Furthermore, there is even data that suggests the particle distribution inside the proton becomes denser as we probe it more closely (look at the figure below for an illustration).

Source: Jim Pivarski / FERMILAB / CMS Collaboration


RSF in Perspective:

Among the vast contributions of physicist Nassim Haramein, discoveries related to the proton also have a special place. His publications on this topic include an estimate for the charge radius of the proton, the standard model value of which was in disagreement by 4% [2], a model suggesting that a proton in many regards is similar to a Schwarzschild black hole [3], etc. A solution to the problem of proton decay is also inherent in the Generalised Holographic Model (GHM) which suggests that the proton contains all the information and that is why it never decays.

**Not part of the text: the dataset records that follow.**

(* Let $S$ be a semigroup and $m\ge1$ such that $S^m$ is a rectangular band. Then: (1) if $m=1$, $S$ is abelian; (2) $S$ is $(\lceil\log_2 m\rceil+1)$-solvable, and $\lceil\log_2 m\rceil$-solvable if $S^m$ is trivial (a single element); (3) $S$ is left $2m$-nilpotent, right $2m$-nilpotent and $2m$-supernilpotent, and in case $S^m$ is trivial it is left and right $m$-nilpotent and $m$-supernilpotent.
   Context: $S^m=\{a_1\cdots a_m: a_i\in S\}$. A rectangular band is a semigroup satisfying $x^2=x$ and $xyz=xz$. For an algebra $\mathbf A$ and congruences $\alpha_1,\dots,\alpha_n$, $M_{\mathbf A}(\alpha_1,\dots,\alpha_n)$ is the subalgebra of $\mathbf A^{\{0,1\}^n}$ generated by all $g$ such that for some $i$ and $(a,b)\in\alpha_i$, $g(x)=a$ if $x_i=0$ and $g(x)=b$ if $x_i=1$; $[\alpha_1,\dots,\alpha_n]$ is the smallest congruence $\delta$ such that for all $f\in M_{\mathbf A}(\alpha_1,\dots,\alpha_n)$: if $(f(x0),f(x1))\in\delta$ for all $x\in\{0,1\}^{n-1}\setminus\{(1,\dots,1)\}$ then $(f(1,\dots,1,0),f(1,\dots,1,1))\in\delta$. With $1$ total, $0$ trivial congruence: $[1]^0=1$, $[1]^{k+1}=[[1]^k,[1]^k]$; $(1]^1=1$, $(1]^{k+1}=[1,(1]^k]$; $[1)^1=1$, $[1)^{k+1}=[[1)^k,1]$. Abelian: $[1,1]=0$; $d$-solvable: $[1]^d=0$; left $d$-nilpotent: $(1]^{d+1}=0$; right $d$-nilpotent: $[1)^{d+1}=0$; $d$-supernilpotent: the $(d+1)$-ary $[1,\dots,1]=0$. *)

From mathcomp Require Import all_boot.
Set Implicit Arguments. Unset Strict Implicit. Unset Printing Implicit Defensive.

Section Commutators.
Variables (T : Type) (op : T -> T -> T).

Definition relT := T -> T -> Prop.

Definition is_cong (d : relT) : Prop :=
  [/\ forall a, d a a,
      forall a b, d a b -> d b a,
      forall a b c, d a b -> d b c -> d a c
    & forall a b c e, d a b -> d c e -> d (op a c) (op b e)].

Definition total_rel : relT := fun _ _ => True.
Definition is_zero (d : relT) : Prop := forall a b, d a b <-> a = b.

Definition cube (n : nat) := {ffun 'I_n -> bool}.

(* M_A(alpha_1,...,alpha_n): the subalgebra of T^{{0,1}^n} generated by the
   functions g with g(x) = a if x_i = 0 and g(x) = b if x_i = 1, (a,b) in alpha_i *)
Inductive inM (n : nat) (al : 'I_n -> relT) : (cube n -> T) -> Prop :=
| M_gen (i : 'I_n) (a b : T) : al i a b -> inM al (fun x => if x i then b else a)
| M_op (f g : cube n -> T) : inM al f -> inM al g -> inM al (fun x => op (f x) (g x)).

(* x b : the point of {0,1}^(k+1) obtained by appending the bit b to x *)
Definition extc (k : nat) (x : cube k) (b : bool) : cube k.+1 :=
  [ffun i : 'I_k.+1 => if unlift ord_max i is Some j then x j else b].

Definition ones (k : nat) : cube k := [ffun _ => true].

Definition term_cond (k : nat) (al : 'I_k.+1 -> relT) (d : relT) : Prop :=
  forall f, inM al f ->
    (forall x : cube k, x != ones k -> d (f (extc x false)) (f (extc x true))) ->
    d (f (extc (ones k) false)) (f (extc (ones k) true)).

Definition comm (k : nat) (al : 'I_k.+1 -> relT) : relT :=
  fun a b => forall d, is_cong d -> term_cond al d -> d a b.

Definition comm2 (al be : relT) : relT :=
  comm (k := 1) (fun i : 'I_2 => if val i == 0 then al else be).

Fixpoint dser (k : nat) : relT :=
  if k is k'.+1 then comm2 (dser k') (dser k') else total_rel.

(* lser k = (1]^(k+1) *)
Fixpoint lser (k : nat) : relT :=
  if k is k'.+1 then comm2 total_rel (lser k') else total_rel.

(* rser k = [1)^(k+1) *)
Fixpoint rser (k : nat) : relT :=
  if k is k'.+1 then comm2 (rser k') total_rel else total_rel.

Definition abelian_alg : Prop := is_zero (comm2 total_rel total_rel).
Definition solvable_alg (d : nat) : Prop := is_zero (dser d).
Definition left_nilpotent (d : nat) : Prop := is_zero (lser d).
Definition right_nilpotent (d : nat) : Prop := is_zero (rser d).
Definition supernilpotent (d : nat) : Prop :=
  is_zero (comm (k := d) (fun _ => total_rel)).

(* spow k = S^(k+1) = { a_1 ... a_(k+1) } *)
Fixpoint spow (k : nat) : T -> Prop :=
  if k is k'.+1 then fun s => exists x y, spow k' x /\ s = op x y
  else fun _ => True.

Definition rect_band_set (P : T -> Prop) : Prop :=
  (forall x, P x -> op x x = x) /\
  (forall x y z, P x -> P y -> P z -> op (op x y) z = op x z).

Definition single_elt (P : T -> Prop) : Prop := exists e, forall s, P s <-> s = e.

End Commutators.

From mathcomp Require Import all_boot.
Set Implicit Arguments. Unset Strict Implicit. Unset Printing Implicit Defensive.

(* Write θ_I for the Rees congruence of an ideal I (a = b, or a, b ∈ I).  If
   I J ∪ J I ⊆ K for ideals I, J, K, every term of M(θ_I, θ_J) ignores one of
   the two coordinates or takes its values in K, so [θ_I, θ_J] ≤ θ_K.  For the
   powers of S this reads [θ_{S^i}, θ_{S^j}] ≤ θ_{S^(i+j)}; hence [1]^k lies
   below θ_{S^(2^k)}, and (1]^k, [1)^k below θ_{S^k}.
   In the rectangular band B = S^m we have x s z = x z for x, z ∈ B and any s.
   Thus every nonconstant term of M(θ_B, θ_B) factors as P Q with P, Q valued in
   B and each depending on a single coordinate, and θ_B is abelian; when B is a
   single element, θ_B = 0.  This gives solvability and the bounds m.
   For the bounds 2m, let δ_k relate, besides equal pairs, those a, b ∈ B such
   that u a and u b lie in the same row (u a z = u b z for z ∈ B) and a u, b u
   in the same column, for every product u of at least k elements of S^1.  Then θ_B ≤ δ_m, δ_0 = 0, and
   [1, δ_k], [δ_k, 1] ≤ δ_(k-1).  Finally, by x s z = x z again, a product of at
   least m generators equals the product of its first m factors times that of
   its last m, so a term of M(1, ..., 1) depends on at most 2m coordinates. *)

Definition agree_off n (s : 'I_n) (x y : cube n) := forall i, i != s -> x i = y i.

Definition zero1 : cube 1 := [ffun _ => false].

Lemma zero1_neq_ones : zero1 != ones 1.
Proof. by apply/negP => /eqP/(congr1 (fun x : cube 1 => x ord0)); rewrite !ffunE. Qed.

Lemma ord2P (i : 'I_2) : i = ord0 \/ i = ord_max.
Proof. by case: i => [[|[|k]] Hk]; [left | right |]; try apply: val_inj. Qed.

Lemma extc_max k (x : cube k) b : extc x b ord_max = b.
Proof. by rewrite ffunE unlift_none. Qed.

Lemma extc_ord0 (x : cube 1) b : extc x b ord0 = x ord0.
Proof.
rewrite ffunE; case: (unliftP ord_max ord0) => [j Ej | //].
by have -> : j = ord0 by apply: val_inj; case: j {Ej} => [[]].
Qed.

Lemma agree_off_max k (x : cube k) b b' : agree_off ord_max (extc x b) (extc x b').
Proof. by move=> i; rewrite !ffunE; case: (unliftP ord_max i) => [//|->]; rewrite eqxx. Qed.

Lemma agree_off_ord0 (x y : cube 1) b : agree_off ord0 (extc x b) (extc y b).
Proof.
move=> i; rewrite !ffunE; case: (unliftP ord_max i) => [j -> | //].
by have -> : j = ord0 by apply: val_inj; case: j => [[]].
Qed.

Section Semigroup.
Variables (T : Type) (op : T -> T -> T).
Hypothesis opA : associative op.

Definition is_ideal (I : T -> Prop) := forall x y, I x \/ I y -> I (op x y).

Lemma spowS_le k x : spow op k.+1 x -> spow op k x.
Proof.
elim: k x => [//|k IH] _ [y [z [Hy ->]]]; exists y, z; split=> //; exact: IH.
Qed.

Lemma spow_le k k' x : k <= k' -> spow op k' x -> spow op k x.
Proof.
move=> /subnK <-; elim: (k' - k) => [//|d IH] H; apply: IH; apply: spowS_le.
by rewrite -addSn.
Qed.

Lemma spow_mul i j x y : spow op i x -> spow op j y -> spow op (i + j).+1 (op x y).
Proof.
elim: j y => [|j IH] y Hx; first by rewrite addn0; exists x, y.
move=> [y' [z [Hy' ->]]]; rewrite addnS; exists (op x y'), z.
by split; [exact: IH | rewrite opA].
Qed.

Lemma spow_ideal k : is_ideal (spow op k).
Proof.
move=> x y [Hx|Hy]; first by apply: (@spow_le k k.+1) => //; exists x, y.
by apply: (@spow_le k (0 + k).+1); [rewrite add0n | apply: spow_mul].
Qed.

Lemma foldl_opA a b s : foldl op (op a b) s = op a (foldl op b s).
Proof. by elim: s a b => [//|c s IH] a b /=; rewrite -opA IH. Qed.

Lemma spow_foldl a s : spow op (size s) (foldl op a s).
Proof.
elim/last_ind: s => [//|s b IH]; rewrite foldl_rcons size_rcons.
by exists (foldl op a s), b.
Qed.

Definition rel_sub (R1 R2 : relT T) := forall a b, R1 a b -> R2 a b.
Definition pair_rel (al be : relT T) (i : 'I_2) : relT T :=
  if val i == 0 then al else be.
Definition indep_of n (s : 'I_n) (f : cube n -> T) :=
  forall x y, agree_off s x y -> f x = f y.
Definition depends_on n (C : seq 'I_n) (f : cube n -> T) :=
  forall x y : cube n, {in C, forall i, x i = y i} -> f x = f y.

Lemma eq_cong : is_cong op eq.
Proof. by split=> // [a b c -> -> | a b c e -> ->]. Qed.

Lemma sub_eq_is_zero d : rel_sub d eq -> (forall a, d a a) -> is_zero d.
Proof. by move=> d_eq d_refl a b; split=> [/d_eq | ->]. Qed.

Lemma comm_refl k (al : 'I_k.+1 -> relT T) a : comm op al a a.
Proof. by move=> d [refl _ _ _] _; apply: refl. Qed.

Lemma comm_least k (al : 'I_k.+1 -> relT T) d :
  is_cong op d -> term_cond op al d -> rel_sub (comm op al) d.
Proof. by move=> dC dTC a b; apply. Qed.

Lemma inM_mono n (al be : 'I_n -> relT T) f :
  (forall i, rel_sub (al i) (be i)) -> inM op al f -> inM op be f.
Proof. by move=> al_be; elim=> [i a b /al_be | f1 f2 _ H1 _ H2]; constructor. Qed.

Lemma comm2_mono al al' be be' :
  rel_sub al al' -> rel_sub be be' -> rel_sub (comm2 op al be) (comm2 op al' be').
Proof.
move=> alS beS a b H d dC dTC; apply: H dC _ => f fM; apply: dTC.
by apply: inM_mono fM => i; case: ifP.
Qed.

Lemma dser_refl k a : dser op k a a.
Proof. by case: k => [|k] //; apply: comm_refl. Qed.

Lemma lser_refl k a : lser op k a a.
Proof. by case: k => [|k] //; apply: comm_refl. Qed.

Lemma rser_refl k a : rser op k a a.
Proof. by case: k => [|k] //; apply: comm_refl. Qed.

Lemma indep_of_op n (s : 'I_n) f g :
  indep_of s f -> indep_of s g -> indep_of s (fun x => op (f x) (g x)).
Proof. by move=> fs gs x y xy; rewrite (fs x y xy) (gs x y xy). Qed.

Lemma indep_of_gen n (t s : 'I_n) (a b : T) :
  t != s -> indep_of s (fun x => if x t then b else a).
Proof. by move=> ts x y xy; rewrite (xy t ts). Qed.

Lemma indep_of_const n (t s : 'I_n) (a : T) : indep_of s (fun x => if x t then a else a).
Proof. by move=> x y _; case: (x t); case: (y t). Qed.

Lemma term_cond_of_indep k (al : 'I_k.+1 -> relT T) (d : relT T) :
  (forall a, d a a) -> (forall f, inM op al f -> exists j, indep_of j f) ->
  term_cond op al d.
Proof.
move=> d_refl indep f fM hyp; have [j fj] := indep f fM.
move: fj; case: (unliftP ord_max j) => [j' -> | ->] fj.
- (* [f] cannot tell [ones k] from the point that is [false] exactly at [j],
     where the hypothesis applies. *)
  pose x : cube k := [ffun i => i != j'].
  have x1 : x != ones k.
    by apply/negP => /eqP/(congr1 (fun y : cube k => y j')); rewrite !ffunE eqxx.
  have ones_x b : f (extc (ones k) b) = f (extc x b).
    apply: fj => i; rewrite !ffunE; case: (unliftP ord_max i) => [i' -> | //].
    by rewrite !ffunE (inj_eq (@lift_inj _ _)) => ->.
  by rewrite !ones_x; apply: hyp.
- suff -> : f (extc (ones k) false) = f (extc (ones k) true) by apply: d_refl.
  apply: fj => i; rewrite !ffunE; case: (unliftP ord_max i) => [i' _ | ->] //.
  by rewrite eqxx.
Qed.

Lemma supernilpotent_of_support d :
  (forall f, inM op (fun _ : 'I_d.+1 => @total_rel T) f ->
     exists2 C : seq 'I_d.+1, size C <= d & depends_on C f) ->
  supernilpotent op d.
Proof.
move=> small; apply: sub_eq_is_zero; last exact: comm_refl.
apply: comm_least eq_cong _; apply: term_cond_of_indep => // f /small [C sizeC fC].
have [j jC] : exists j : 'I_d.+1, j \notin C.
  have : 0 < #|[predC C]|.
    rewrite -(ltn_add2l #|C|) addn0 cardC card_ord ltnS.
    exact: leq_trans (card_size C) sizeC.
  by case/card_gt0P => j; exists j.
exists j => x y xy; apply: fC => i iC; apply: xy.
by apply: contraNneq jC => <-.
Qed.

Definition rees (I : T -> Prop) : relT T := fun a b => a = b \/ I a /\ I b.
Definition valued_in n (I : T -> Prop) (f : cube n -> T) := forall x, I (f x).

Lemma rees_cong I : is_ideal I -> is_cong op (rees I).
Proof.
move=> I_ideal; split=> [a | a b [-> | []] | a b c [-> | [Ia Ib]] [<- | [Ib' Ic]] |
  a b c e [-> | [Ia Ib]] [-> | [Ic Ie]]]; try by [left | right].
all: by right; split; apply: I_ideal; auto.
Qed.

Lemma rees_antitone I J : (forall x, J x -> I x) -> rel_sub (rees J) (rees I).
Proof. by move=> JI a b [-> | [Ja Jb]]; [left | right; split; apply: JI]. Qed.

Lemma rees_single_elt I : single_elt I -> rel_sub (rees I) eq.
Proof. by move=> [e I_e] a b [-> | [/I_e -> /I_e ->]]. Qed.

Lemma indep_or_valued_op n (s : 'I_n) I f g : is_ideal I ->
    indep_of s f \/ valued_in I f -> indep_of s g \/ valued_in I g ->
  indep_of s (fun x => op (f x) (g x)) \/ valued_in I (fun x => op (f x) (g x)).
Proof.
move=> I_ideal [fs | fI]; last by right=> x; apply: I_ideal; left.
case=> [gs | gI]; last by right=> x; apply: I_ideal; right.
by left; apply: indep_of_op.
Qed.

Section ReesCommutator.
Variables I J K : T -> Prop.
Hypotheses (I_ideal : is_ideal I) (J_ideal : is_ideal J) (K_ideal : is_ideal K).
Hypothesis IJ_sub_K : forall x y, I x -> J y -> K (op x y) /\ K (op y x).
Lemma omega2_ub (f : R -> R) (d r : R) : continuous_on_01 f -> omega2_set f d r ->
  r <= omega2 f d.
Proof.
  intros Hf Hr.
  destruct (continuous_on_01_bounded f Hf) as [lo [hi Hbd]].
  assert (Hset_ub : forall r', omega2_set f d r' -> r' <= 2 * (hi - lo)).
  { intros r' [y [u [H1 [H2 [H3 [H4 [_ ->]]]]]]].
    pose proof (Hbd (y - u) ltac:(lra)). pose proof (Hbd y ltac:(lra)).
    pose proof (Hbd (y + u) ltac:(lra)). apply Rabs_le. lra. }
  destruct (Lub_Rbar_correct (omega2_set f d)) as [Hub Hleast].
  unfold omega2. destruct (Lub_Rbar (omega2_set f d)) as [l | |]; simpl in *.
  - exact (Hub r Hr).
  - destruct (Hleast (Finite (2 * (hi - lo))) Hset_ub).
  - destruct (Hub r Hr).
Qed.

Lemma omega2_ge0 (f : R -> R) (d : R) : continuous_on_01 f -> 0 <= d -> 0 <= omega2 f d.
Proof.
  intros Hf Hd. apply omega2_ub; [exact Hf|].
  exists 0, 0. rewrite Rminus_0_r, Rplus_0_r, Rabs_R0. repeat split; try lra.
  replace (f 0 - 2 * f 0 + f 0) with 0 by ring. rewrite Rabs_R0. reflexivity.
Qed.

Lemma bernstein_ab_error_omega2 (f : R -> R) (a b x : R) (n : nat) :
  (1 <= n)%nat -> 0 <= a -> a < b -> b <= 1 -> continuous_on_01 f -> a <= x <= b ->
  Rabs (bernstein_ab a b n f x - f x) <= 3 / 2 * omega2 f (sqrt ((x - a) * (b - x) / INR n)).
Proof.
  intros Hn Ha Hab Hb Hf Hx.
  set (F := fun y => f (clamp01 y)).
  rewrite (bernstein_ab_ext f F a b x n Hn ltac:(lra));
    [| intros y Hy; unfold F; rewrite clamp01_id; [reflexivity | lra]].
  replace (f x) with (F x) by (unfold F; rewrite clamp01_id; [reflexivity | lra]).
  apply bernstein_ab_error_le; auto.
  - intros y _. apply continuity_pt_clamp01, Hf.
  - intros y u Hu Hl Hr. unfold F. rewrite !clamp01_id by lra.
    apply omega2_ub; [exact Hf|].
    exists y, u. repeat split; try lra. rewrite Rabs_right; lra.
Qed.

Lemma piece_bounds (m k : nat) : (1 <= k <= m)%nat ->
  0 <= (INR k - 1) / INR m /\ (INR k - 1) / INR m < INR k / INR m /\ INR k / INR m <= 1.
Proof.
  intros Hk.
  assert (Hm : 0 < INR m) by (apply lt_0_INR; lia).
  assert (1 <= INR k) by (apply (le_INR 1); lia).
  assert (INR k <= INR m) by (apply le_INR; lia).
  split; [|split].
  - apply Rdiv_le_0_compat; lra.
  - apply Rmult_lt_compat_r; [apply Rinv_0_lt_compat |]; lra.
  - apply Rmult_le_reg_r with (r := INR m); [lra|]. field_simplify; lra.
Qed.

(* [piece_index] picks the right-hand piece at an interior break point. *)
Lemma piece_index_cases (m k : nat) (x : R) : (1 <= k <= m)%nat ->
  (INR k - 1) / INR m <= x <= INR k / INR m ->
  piece_index m x = k \/ (x = INR k / INR m /\ (k < m)%nat /\ piece_index m x = S k).
Proof.
  intros Hk [Hxl Hxr]. assert (Hm : 0 < INR m) by (apply lt_0_INR; lia).
  set (y := INR m * x).
  assert (Hy1 : INR k - 1 <= y).
  { unfold y. apply Rmult_le_compat_l with (r := INR m) in Hxl; [|lra].
    replace (INR m * ((INR k - 1) / INR m)) with (INR k - 1) in Hxl by (field; lra). lra. }
  assert (Hy2 : y <= INR k).
  { unfold y. apply Rmult_le_compat_l with (r := INR m) in Hxr; [|lra].
    replace (INR m * (INR k / INR m)) with (INR k) in Hxr by (field; lra). lra. }
  destruct (archimed y) as [Hup1 Hup2].
  rewrite INR_IZR_INZ in Hy1, Hy2.
  unfold piece_index. fold y.
  destruct Hy2 as [Hlt | Heq].
  - left. assert (E : up y = Z.of_nat k).
    { assert (Z1 : (Z.of_nat k - 1 < up y)%Z) by (apply lt_IZR; rewrite minus_IZR; simpl; lra).
      assert (Z2 : (up y < Z.of_nat k + 1)%Z) by (apply lt_IZR; rewrite plus_IZR; simpl; lra).
      lia. }
    rewrite E, Nat2Z.id. lia.
  - assert (E : up y = (Z.of_nat k + 1)%Z).
    { assert (Z1 : (Z.of_nat k < up y)%Z) by (apply lt_IZR; lra).
      assert (Z2 : (up y < Z.of_nat k + 2)%Z) by (apply lt_IZR; rewrite plus_IZR; simpl; lra).
      lia. }
    rewrite E. replace (Z.to_nat (Z.of_nat k + 1)) with (S k) by lia.
    destruct (Nat.eq_dec k m) as [-> | Hne]; [left; lia|].
    right. split; [|split; lia].
    unfold y in Heq. rewrite <- INR_IZR_INZ in Heq. rewrite <- Heq. field. lra.
Qed.
Lemma full_disclosure_in_Dcal : in_Dcal pt thl thh ebar d.
Proof.
split=> [|th Th]; first exact: fd.1.
have [e Ee emax] := exists_argmax Th; exists e.
  exact: full_disclosure_Etilde emax.
by move=> e' [Ee' _]; exact: emax.
Qed.

Lemma full_disclosure_le_pi_d th e : th \in Thset thl thh -> e \in Eset ebar ->
  pi_diag pt th e <= pi_d pt ebar d th.
Proof.
move=> Th Ee; have [e0 Ee0 e0max] := exists_argmax Th.
apply: le_trans (e0max _ Ee) _.
exact: in_Dcal_le_pi_d full_disclosure_in_Dcal Th (full_disclosure_Etilde Th Ee0 e0max).
Qed.

Lemma pi_d_le_full_disclosure d' th : in_Dcal pt thl thh ebar d' ->
  th \in Thset thl thh -> pi_d pt ebar d' th <= pi_d pt ebar d th.
Proof.
move=> Dd Th; have [e [Ee _] ->] := in_Dcal_pi_d Dd Th.
exact: full_disclosure_le_pi_d.
Qed.

Lemma gamma_d_le_full_disclosure d' th : in_Dcal pt thl thh ebar d' ->
  th \in Thset thl thh -> pi_d pt ebar d' th = pi_d pt ebar d th ->
  gamma_d pt ebar d th <= gamma_d pt ebar d' th.
Proof.
move=> Dd Th pi_eq; apply: lb_le_inf.
  by have [e de pe] := in_Dcal_pi_d Dd Th; exists e.
move=> e [[Ee _] pe]; apply: ge_inf.
  by exists 0 => e' [[/set_mem /= /andP[]]].
split; last by rewrite pe pi_eq.
apply: (full_disclosure_Etilde Th Ee) => e' Ee'.
by rewrite pe pi_eq; exact: full_disclosure_le_pi_d.
Qed.

Local Open Scope ereal_scope.

Lemma Pi_le_full_disclosure d' : in_Dcal pt thl thh ebar d' ->
  Pi_of pt f thl thh ebar d' <= Pi_of pt f thl thh ebar d.
Proof.
move=> Dd; apply: le_integral.
- exact: measurable_itv.
- exact: integrable_pi_d.
- exact: integrable_pi_d full_disclosure_in_Dcal.
move=> th Th; rewrite lee_fin ler_wpM2r ?f_ge0 //.
exact: pi_d_le_full_disclosure.
Qed.

Lemma Gamma_le_full_disclosure d' : in_Dcal pt thl thh ebar d' ->
  Pi_of pt f thl thh ebar d <= Pi_of pt f thl thh ebar d' ->
  Gamma_of pt f thl thh ebar d <= Gamma_of pt f thl thh ebar d'.
Proof.
move=> Dd Pi_le.
have := @le_integral_ae_eq _ _ _ lebesgue_measure (Thset thl thh)
  (fun th => pi_d pt ebar d' th * f th)%R (fun th => pi_d pt ebar d th * f th)%R
  (measurable_itv _) (integrable_pi_d Dd) (integrable_pi_d full_disclosure_in_Dcal).
move=> /(_ (fun th Th => ler_wpM2r (f_ge0 (mem_set Th))
  (pi_d_le_full_disclosure Dd (mem_set Th))) Pi_le) pi_ae_eq.
have gamma_f_ge0 d'' th : in_Dcal pt thl thh ebar d'' -> Thset thl thh th ->
    0 <= (gamma_d pt ebar d'' th * f th)%:E.
  by move=> Dd'' /mem_set Th; rewrite lee_fin mulr_ge0 ?f_ge0 ?(gamma_d_ge0 Dd'' Th).
apply: ae_ge0_le_integral_nonmeasurable.
- by move=> th; apply: gamma_f_ge0 full_disclosure_in_Dcal.
- by move=> th; apply: gamma_f_ge0 Dd.
apply: filterS pi_ae_eq => th pi_eq Th; rewrite lee_fin.
have [->|f_neq0] := eqVneq (f th) 0%R; first by rewrite !mulr0.
rewrite ler_wpM2r ?f_ge0 ?inE //; apply: gamma_d_le_full_disclosure Dd _ _.
  exact: mem_set.
apply: (mulIf f_neq0); exact: pi_eq.
Qed.

End full_disclosure.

Given the current circumstances involving anomalies within the proton model and the recent observation of the deviation of proton structure from standard theoretical frameworks, it is quite natural to consider a new model that could resolve the major problems discussed in this article and help unravel the true inner substructure of protons. In this regard the GHM might be a very handy tool given that it has previously been used to predict a number of features as discussed above. Moreover, the new paper could suggest insights that could be reconciled with existing ideas to produce a better model of protons’ structure.



[1] Nikolaos Sparveris, Measured proton electromagnetic structure deviates from theoretical predictions, Nature (2022). DOI: 10.1038/s41586-022-05248-1

[2] Haramein, N. (2012). Quantum Gravity and the Holographic Mass, Physical Review & Research International, ISSN: 2231-1815, Page 270-292.

[3] Haramein, N. (2010). The Schwarzschild Proton, AIP Conference Proceedings, CP 1303, ISBN 978-0-7354-0858-6, pp. 95-100.